Leicester 1 Manchester City 1 (3-4 on pens): Jamie Vardy misses vital spot-kick as Pep Guardiola’s march into semi-finals
Bernardo Silva looked to have sent Pep Guardiola's into the semi-finals of the Carabao Cup but were left stunned when Kyle Walker conceded a penalty in the 96th minute
SOMEHOW they got there.
Even when everything seemed to be against Manchester City - including referee Bobby Madley - they survived.

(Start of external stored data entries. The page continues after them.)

Lemma is_derive_kl_maximizer a :
  is_derive u 1 (pi^~ a)
    (- eta * (pi u a ^+ 2 / rho a) * (g a - \sum_b mu_of rho (pi u) b * g b)).
Proof.
have eta_neq0 : eta != 0 by rewrite gt_eqF.
have [pi_u_simplex pi_u_gt0 _] := nbhs_singleton pi_opt.
have [a0 _] := in_simplex_support pi_u_simplex.
(* The Lagrange multiplier of the constraint sum_b pi z b = 1. *)
pose L z := c a0 - z * g a0 + rho a0 / (eta * pi z a0).
have gapE : \forall z \near u, forall b, L z - c b + z * g b = rho b / (eta * pi z b).
  apply: filterS pi_opt => z pi_z_opt b.
  by rewrite /L -(kl_maximizer_stationary rho_gt0 _ pi_z_opt b a0); ring.
have gap_gt0 : \forall z \near u, forall b, 0 < L z - c b + z * g b.
  near=> z => b.
  have [_ pi_z_gt0 _] : is_kl_maximizer eta rho (fun b => c b - z * g b) (pi z).
    by near: z.
  by rewrite (near gapE z) // divr_gt0 // mulr_gt0.
have gap_sum : \forall z \near u, \sum_b rho b / (L z - c b + z * g b) = eta.
  near=> z.
  have [[_ pi_z_sum1] pi_z_gt0 _] :
      is_kl_maximizer eta rho (fun b => c b - z * g b) (pi z) by near: z.
  rewrite -[RHS]mulr1 -pi_z_sum1 mulr_sumr; apply: eq_bigr => b _.
  have := pi_z_gt0 b; have := rho_gt0 b => ? ?.
  by rewrite (near gapE z) //; field; rewrite eta_neq0 !gt_eqF.
have gap_u_gt0 := nbhs_singleton gap_gt0.
pose s b := L u - c b + u * g b.
have pi_uE b : pi u b = rho b / (eta * s b).
  have := nbhs_singleton gapE b; rewrite -/(s b) => ->.
  by have := pi_u_gt0 b; have := rho_gt0 b => ? ?; field; rewrite eta_neq0 !gt_eqF.
have W_gt0 : 0 < \sum_b rho b / (s b * s b).
  by apply: (sumr_gt0 a0) => b; rewrite divr_gt0 ?mulr_gt0 ?gap_u_gt0.
have meanE : \sum_b mu_of rho (pi u) b * g b =
    (\sum_b rho b / (s b * s b) * g b) / \sum_b rho b / (s b * s b).
  have qE b : pi u b ^+ 2 / rho b = eta ^- 2 * (rho b / (s b * s b)).
    have := gap_u_gt0 b; have := rho_gt0 b => ? ?.
    by rewrite pi_uE; field; rewrite eta_neq0 !gt_eqF.
  have ZE : Z_of rho (pi u) = eta ^- 2 * \sum_b rho b / (s b * s b).
    by rewrite /Z_of mulr_sumr; apply: eq_bigr => b _; exact: qE.
  rewrite /mu_of ZE mulr_suml; apply: eq_bigr => b _; rewrite qE.
  by field; rewrite eta_neq0 !gt_eqF ?gap_u_gt0.
have dL := is_derive_multiplier a0 rho_gt0 gap_gt0 gap_sum.
have ds : is_derive u 1 (fun z => L z - c a + z * g a)
    (- (\sum_b rho b / (s b * s b) * g b) / (\sum_b rho b / (s b * s b)) + g a).
  by apply: is_derive_eq; rewrite /GRing.scale /=; ring.
have s_a_neq0 : s a != 0 by rewrite gt_eqF ?gap_u_gt0.
have dp : is_derive u 1 (fun z => rho a / (eta * (L z - c a + z * g a)))
    (- eta * (pi u a ^+ 2 / rho a) * (g a - \sum_b mu_of rho (pi u) b * g b)).
  apply: is_derive_eq (is_derive_mul (is_derive_cst (rho a) u 1)
    (is_derive_inv (is_derive_mul (is_derive_cst eta u 1) ds) _)) _.
    by rewrite mulf_neq0.
  rewrite meanE pi_uE /= -/(s a); have := rho_gt0 a => ?.
  by field; rewrite s_a_neq0 eta_neq0 !gt_eqF.
apply: near_eq_is_derive dp; near=> z.
have [_ pi_z_gt0 _] : is_kl_maximizer eta rho (fun b => c b - z * g b) (pi z).
  by near: z.
have := pi_z_gt0 a; have := rho_gt0 a => ? ?.
by rewrite (near gapE z) //; field; rewrite eta_neq0 !gt_eqF.
Unshelve. all: by end_near. Qed.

Pep is through to the Carabao Cup semi-final, winning another penalty shootout on this mind-bending night of Cup football.
Nobody really knows how Madley made penalties happen. It just did.
City, unbeaten in domestic football since April 27, are waiting for Arsenal, maybe Chelsea, hopefully Manchester United, in the mother of all semi-finals.
To see them celebrate the way they did when Claudio Bravo saved the cruellest, decisive spot-kick in the shootout, says so much.
Team spirit is sky high, at an all-time record as City continue this thrilling, spine-tingling run to the semi-final.
They are there because Bravo saved brilliantly from Mahrez, throwing himself to the left of his goal to seal the deal.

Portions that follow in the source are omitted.